If you make your own make sure that you post a pic for all of us to see. Good luck!:victory:


----------



## FarseerNo3 (Mar 7, 2008)

do you have a list of what are all the bits you used ?


----------



## Damned Fist (Nov 2, 2007)

FarseerNo3 said:


> do you have a list of what are all the bits you used ?


Everything came from a box of Tomb King warriors. I use them on most of my models and I still have a ton leftover!:good:


----------



## FarseerNo3 (Mar 7, 2008)

so if i buy a box of tomb kinds im sorted, what about the search light>? looks like its off a basilisk. and his iron halo / and metal bits / standard


----------



## Damned Fist (Nov 2, 2007)

FarseerNo3 said:


> so if i buy a box of tomb kinds im sorted, what about the search light>? looks like its off a basilisk. and his iron halo / and metal bits / standard



Hummmm..., good point. The light came off of a old predator, the windshield came off of a Eldar Wraith, the iron halo came out of a box of devastators and the standard is a nail with GS. Since these are just bits that I have leftover from my army I didn't include them in my answer because the TK's are the only item I bought special for this conversion. 

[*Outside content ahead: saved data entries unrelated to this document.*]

(* In a signed group the following hold. (1) If $n\in\{2,3\}$ and $E$ is a basic set of size $n$ containing at least one pair of anticommuting elements, then $E$ can be replaced by an anticommutative generator. (2) If $\mathbf u=(u_1,u_2,\dots)$ is a basic sequence with $u_k\circ u_{k+1}=-1$ for all $k$ and $u_i\circ u_j=1$ whenever $|i-j|\ge2$, then $e_k=u_1\cdots u_k$ defines an anticommutative generator $(e_k)$ which is a replacement of $\mathbf u$; conversely $u_k=e_{k-1}e_k$ up to sign, with $e_0=1$. (3) An anticommutative generator of even or countably infinite size and a chain of commuting anticommutative doubletons, i.e. a union of sets $D_k=\{d_{2k-1},d_{2k}\}$ with $d_{2k-1}\circ d_{2k}=-1$ and $D_i\circ D_j=1$ for $i\neq j$, are mutually replaceable: every generator of either kind has a replacement of the other kind. (4) In particular, a finite anticommutative generator $E$ of even size, or an infinite one, can be replaced by a generator $E'$ admitting a partition $E'=F_1\cup F_2\cup\cdots$ into mutually commuting anticommutative components of finite even or infinite size; for infinite $E$ the number of components can be either finite or infinite. (5) Let $E=K\cup M$ be a generator where $K\circ M=1$, $K$ is finite and anticommutative and $M$ is commutative. If $|K|$ is even and $M\neq\emptyset$, then $E$ has a replacement $K'\cup M'$ of the same kind with $|K'|=|K|+1$ and $|M'|=|M|-1$; if $|K|$ is odd, then it has a replacement $K'\cup M'$ of the same kind with $|K'|=|K|-1$ and $|M'|=|M|+1$.
   Context: A signed group is a group containing a central element $-1\neq1$ with $(-1)^2=1$ such that any two elements either commute or anticommute ($ef=-fe$), and each element $e$ has $e^2\in\{\pm1\}$. Write $e\circ f=1$ if $ef=fe$ and $-1$ if $ef=-fe$; for sets, $A\circ B=1$ means every element of $A$ commutes with every element of $B$. For a sequence $\mathbf e$ and finitary $0$-$1$ sequence $\mathbf p$, $\mathbf e^{\mathbf p}=e_1^{p_1}e_2^{p_2}\cdots$. A set/sequence is basic if no product $\mathbf e^{\mathbf p}$ with $\mathbf p\neq\mathbf 0$ equals $\pm1$; a generator is a basic set/sequence, generating the group $\{\pm\mathbf e^{\mathbf p}\}$; a replacement of a generator is another generator generating the same group (generators differing only by signs and permutations are identified). A set is anticommutative if its distinct elements pairwise anticommute, commutative if they pairwise commute. *)

From Stdlib Require Import List Arith Sorting.Sorted.
Import ListNotations.
Set Implicit Arguments.
Unset Strict Implicit.

Record SignedGroup := {
  sg_car :> Type;
  sg_mul : sg_car -> sg_car -> sg_car;
  sg_one : sg_car;
  sg_inv : sg_car -> sg_car;
  sg_neg1 : sg_car;
  sg_mulA : forall x y z, sg_mul x (sg_mul y z) = sg_mul (sg_mul x y) z;
  sg_mul1 : forall x, sg_mul sg_one x = x;
  sg_mul1r : forall x, sg_mul x sg_one = x;
  sg_mulV : forall x, sg_mul (sg_inv x) x = sg_one;
  sg_mulVr : forall x, sg_mul x (sg_inv x) = sg_one;
  sg_neg1_neq1 : sg_neg1 <> sg_one;
  sg_neg1_sq : sg_mul sg_neg1 sg_neg1 = sg_one;
  sg_neg1_central : forall x, sg_mul sg_neg1 x = sg_mul x sg_neg1;
  sg_comm_or_anti : forall x y,
      sg_mul x y = sg_mul y x \/ sg_mul x y = sg_mul sg_neg1 (sg_mul y x);
  sg_sq : forall x, sg_mul x x = sg_one \/ sg_mul x x = sg_neg1
}.

Arguments sg_mul {s}.
Arguments sg_one {s}.
Arguments sg_inv {s}.
Arguments sg_neg1 {s}.

Section Defs.
Variable G : SignedGroup.

Definition gset := G -> Prop.

Definition commutes (x y : G) : Prop := sg_mul x y = sg_mul y x.
Definition anticommutes (x y : G) : Prop :=
  sg_mul x y = sg_mul sg_neg1 (sg_mul y x).

Definition lprod (s : list G) : G := fold_right sg_mul sg_one s.

Definition set_commute (A B : gset) : Prop :=
  forall x y, A x -> B y -> commutes x y.

Definition anticommutative (E : gset) : Prop :=
  forall x y, E x -> E y -> x <> y -> anticommutes x y.
Definition commutative (E : gset) : Prop :=
  forall x y, E x -> E y -> commutes x y.

Definition basic (E : gset) : Prop :=
  forall s : list G, NoDup s -> s <> [] -> (forall y, In y s -> E y) ->
    lprod s <> sg_one /\ lprod s <> sg_neg1.

Definition generator (E : gset) : Prop := basic E.

Definition gen_group (E : gset) : gset :=
  fun x => exists s : list G, NoDup s /\ (forall y, In y s -> E y) /\
    (x = lprod s \/ x = sg_mul sg_neg1 (lprod s)).

Definition replacement (E E' : gset) : Prop :=
  generator E' /\ forall x, gen_group E x <-> gen_group E' x.

Definition has_card (E : gset) (n : nat) : Prop :=
  exists s : list G, NoDup s /\ length s = n /\ forall x, E x <-> In x s.
Definition countably_infinite (E : gset) : Prop :=
  exists f : nat -> G, (forall i j, f i = f j -> i = j) /\
    forall x, E x <-> exists k, f k = x.
Definition equinumerous (A B : gset) : Prop :=
  exists f : G -> G, (forall x, A x -> B (f x)) /\
    (forall x y, A x -> A y -> f x = f y -> x = y) /\
    (forall y, B y -> exists x, A x /\ f x = y).

Definition idx (N : option nat) (k : nat) : Prop :=
  1 <= k /\ match N with Some n => k <= n | None => True end.

Definition seq_set (N : option nat) (u : nat -> G) : gset :=
  fun x => exists k, idx N k /\ u k = x.

(* basic sequence: u^p <> +-1 for every finitary 0-1 sequence p <> 0,
   p encoded as its (strictly increasing) support *)
Definition basic_seq (N : option nat) (u : nat -> G) : Prop :=
  forall s : list nat, s <> [] -> Sorted lt s -> (forall k, In k s -> idx N k) ->
    lprod (map u s) <> sg_one /\ lprod (map u s) <> sg_neg1.

Definition doubleton_chain (E : gset) : Prop :=
  exists (N : option nat) (a b : nat -> G),
    (forall x, E x <-> exists k, idx N k /\ (x = a k \/ x = b k)) /\
    (forall k, idx N k -> anticommutes (a k) (b k)) /\
    (forall i j, idx N i -> idx N j -> i <> j ->
       set_commute (fun x => x = a i \/ x = b i) (fun y => y = a j \/ y = b j)).

Definition ac_component_partition (E : gset) (J : option nat)
    (F : nat -> gset) : Prop :=
  (forall x, E x <-> exists i, idx J i /\ F i x) /\
  (forall i j x, idx J i -> idx J j -> F i x -> F j x -> i = j) /\
  (forall i, idx J i -> exists x, F i x) /\
  (forall i, idx J i -> anticommutative (F i)) /\
  (forall i, idx J i -> (exists n, has_card (F i) (2 * n)) \/ countably_infinite (F i)) /\
  (forall i j, idx J i -> idx J j -> i <> j -> set_commute (F i) (F j)).

End Defs.

(* Write [a o b = (-1)^(ac a b)]: the bit [ac] is symmetric and additive in each argument,
   [ac (a b) c = ac a c (+) ac b c], so commutation is an F_2-bilinear form on the generators.
   Every replacement below is unitriangular: a generator [x_i] becomes [w x_i] with [w] in the
   group generated by the earlier generators; since [x_i] never lies in that group, the new set
   is still basic and generates the same group.
   (1) The third generator is multiplied by [x] and/or [y] so as to anticommute with both.
   (2) [e_k = e_(k-1) u_k] is triangular, and for [i < j] the only anticommuting pair between
       [u_1 ... u_i] and [u_(i+1) ... u_j] is [(u_i, u_(i+1))].
   (3) Group the generators into consecutive pairs and multiply each member of the [m]-th pair
       by the product of the [2m] earlier generators: this flips exactly the commutation between
       different pairs, hence turns an anticommutative family into commuting anticommutative
       doubletons, and back.  (4) The doubletons are then the components.
   (5) The product [P] of [K] commutes with [M], and with [k] in [K] it anticommutes iff [|K|]
       is even; so [P m0] can join [K], or [P] can replace the last element of [K] and join [M]. *)

From Stdlib Require Import List Arith Lia Bool Sorting.Sorted Sorting.Permutation
  Sorting.Mergesort Classical ClassicalEpsilon.
Import ListNotations.
Set Implicit Arguments.
Unset Strict Implicit.

Section SignedGroupTheory.
Variable G : SignedGroup.
Local Notation mul := (@sg_mul G).
Local Notation one := (@sg_one G).

Lemma mulA x y z : mul x (mul y z) = mul (mul x y) z.
Proof. apply sg_mulA. Qed.

Lemma mulI a b g : mul a g = mul b g -> a = b.
Proof.
  intro H. rewrite <- (sg_mul1r a), <- (sg_mul1r b), <- (sg_mulVr g), !mulA, H. reflexivity.
Qed.

Definition sgn (b : bool) : G := if b then sg_neg1 else one.

Lemma sgn_inj b c : sgn b = sgn c -> b = c.
Proof.
  destruct b, c; simpl; auto; intro H; exfalso; apply (@sg_neg1_neq1 G); auto.
Qed.

Lemma sgnM b c x : mul (sgn b) (mul (sgn c) x) = mul (sgn (xorb b c)) x.
Proof. destruct b, c; simpl; rewrite ?sg_mul1; auto. rewrite mulA, sg_neg1_sq, sg_mul1; auto. Qed.

Lemma sgn_sgn b c : mul (sgn b) (sgn c) = sgn (xorb b c).
Proof. rewrite <- (sg_mul1r (sgn c)), sgnM, sg_mul1r. reflexivity. Qed.

Lemma sgn_central b x : mul (sgn b) x = mul x (sgn b).
Proof. destruct b; simpl. apply sg_neg1_central. rewrite sg_mul1, sg_mul1r; auto. Qed.

Lemma mul_sgnC a b x : mul a (mul (sgn b) x) = mul (sgn b) (mul a x).
Proof. rewrite !mulA, sgn_central; auto. Qed.

Lemma sgn0 x : mul (sgn false) x = x.
Proof. apply sg_mul1. Qed.

Lemma sgnK b x : mul (sgn b) (mul (sgn b) x) = x.
Proof. rewrite sgnM, xorb_nilpotent. apply sgn0. Qed.

Lemma sq_sgn x : exists b, mul x x = sgn b.
Proof. destruct (sg_sq x) as [H|H]; [exists false|exists true]; auto. Qed.

Definition ac (a b : G) : bool :=
  if excluded_middle_informative (anticommutes a b) then true else false.

Lemma ac_spec a b : mul a b = mul (sgn (ac a b)) (mul b a).
Proof.
  unfold ac; destruct excluded_middle_informative as [H|H]; simpl; auto.
  rewrite sg_mul1. destruct (sg_comm_or_anti a b); auto; contradiction.
Qed.

Lemma ac_char a b c : mul a b = mul (sgn c) (mul b a) -> ac a b = c.
Proof. rewrite ac_spec. intro H. apply sgn_inj. eapply mulI; eauto. Qed.

Lemma ac_anti a b : ac a b = true <-> anticommutes a b.
Proof.
  split; intro H.
  - unfold anticommutes. rewrite ac_spec, H. auto.
  - apply ac_char. exact H.
Qed.

Lemma ac_comm a b : ac a b = false <-> commutes a b.
Proof.
  split; intro H.
  - unfold commutes. rewrite ac_spec, H. apply sg_mul1.
  - apply ac_char. rewrite sgn0. exact H.
Qed.

Lemma acC a b : ac b a = ac a b.
Proof. apply ac_char. rewrite (ac_spec a b), sgnK. reflexivity. Qed.

Lemma acxx a : ac a a = false.
Proof. apply ac_char. rewrite sgn0; auto. Qed.

Lemma ac_mull a b c : ac (mul a b) c = xorb (ac a c) (ac b c).
Proof.
  apply ac_char.
  rewrite <- mulA, (ac_spec b c), mul_sgnC, (mulA a c b), (ac_spec a c), <- (mulA (sgn _)),
    sgnM, <- mulA.
  f_equal. destruct (ac a c), (ac b c); auto.
Qed.

Lemma ac_mulr a b c : ac c (mul a b) = xorb (ac c a) (ac c b).
Proof. rewrite acC, ac_mull, (acC a), (acC b); auto. Qed.

Lemma ac1 a : ac one a = false.
Proof. apply ac_comm. unfold commutes. rewrite sg_mul1, sg_mul1r. reflexivity. Qed.

Lemma anticommutes_neq (a b : G) : anticommutes a b -> a <> b.
Proof. intros H ->. apply ac_anti in H. rewrite acxx in H. discriminate. Qed.

Lemma lprod_cons a l : lprod (a :: l) = mul a (lprod l).
Proof. reflexivity. Qed.

Lemma lprod_app l1 l2 : lprod (l1 ++ l2) = mul (lprod l1) (lprod l2).
Proof.
  induction l1 as [|a l1 IH]; cbn [app].
  - symmetry. apply sg_mul1.
  - rewrite !lprod_cons, IH, mulA. reflexivity.
Qed.

Lemma lprod_rcons l a : lprod (l ++ [a]) = mul (lprod l) a.
Proof. rewrite lprod_app. unfold lprod at 2. simpl. rewrite sg_mul1r. reflexivity. Qed.

Lemma ac_lprod_commuting l c : (forall a, In a l -> ac a c = false) -> ac (lprod l) c = false.
Proof.
  induction l as [|a l IH]; intro H. apply ac1.
  rewrite lprod_cons, ac_mull, H, IH; simpl; auto. intros; apply H; simpl; auto.
Qed.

Sorry about that..., if you want to know anything else let me know.:good:


----------



## FarseerNo3 (Mar 7, 2008)

nope its all good gonna try and make a all sheeps skull one but file the horns off to make them wolfy


----------



## Damned Fist (Nov 2, 2007)

FarseerNo3 said:


> nope its all good gonna try and make a all sheeps skull one but file the horns off to make them wolfy



You won't have to file the horns off as they are separate on the sprue already.

Be sure to post a pic of your work.:victory: I really look forward to seeing it done


----------



## FarseerNo3 (Mar 7, 2008)

it will probably be done around mid april as my birthdays on 2nd april so mid april it will be glued if not after the 1st week of april 

http://www.bolterandchainsword.com/index.php?showtopic=124598

got inspiration from this guy too.

gonna make him more 13th company though, or like hey hes a really old wolf priest / rune priest. so old armor.

hence

maybe

balls on his armor like should pads and legs ect
chaos back pack with skulls over the vents instead of the balls
might use the chaplain bike bits also

http://www.games-workshop.de/warham...les/custodes/bilder/servo/sm_Mk6_detail_6.jpg

like that all over his body maybe


----------



## Damned Fist (Nov 2, 2007)

Sounds like you have a plan. Can't wait to see it!


----------



## FarseerNo3 (Mar 7, 2008)

Damned Fist said:


> Sounds like you have a plan. Can't wait to see it!


yeah considering i don't really convert this shall be nice i might put some wolf stuff on there too like a head with a light coming out of hits mouth


----------



## Damned Fist (Nov 2, 2007)

FarseerNo3 said:


> yeah considering i don't really convert this shall be nice i might put some wolf stuff on there too like a head with a light coming out of hits mouth



Very cool. Good luck!:victory:


----------



## Artilleon (Feb 27, 2008)

Wow, that is a kool konversion, it has given Me some inspiration to create a chaplin for my space marine chapter


----------



## Damned Fist (Nov 2, 2007)

Artilleon said:


> Wow, that is a kool konversion, it has given Me some inspiration to create a chaplin for my space marine chapter



Well good luck. Remember to post a pic for us to see:victory:


----------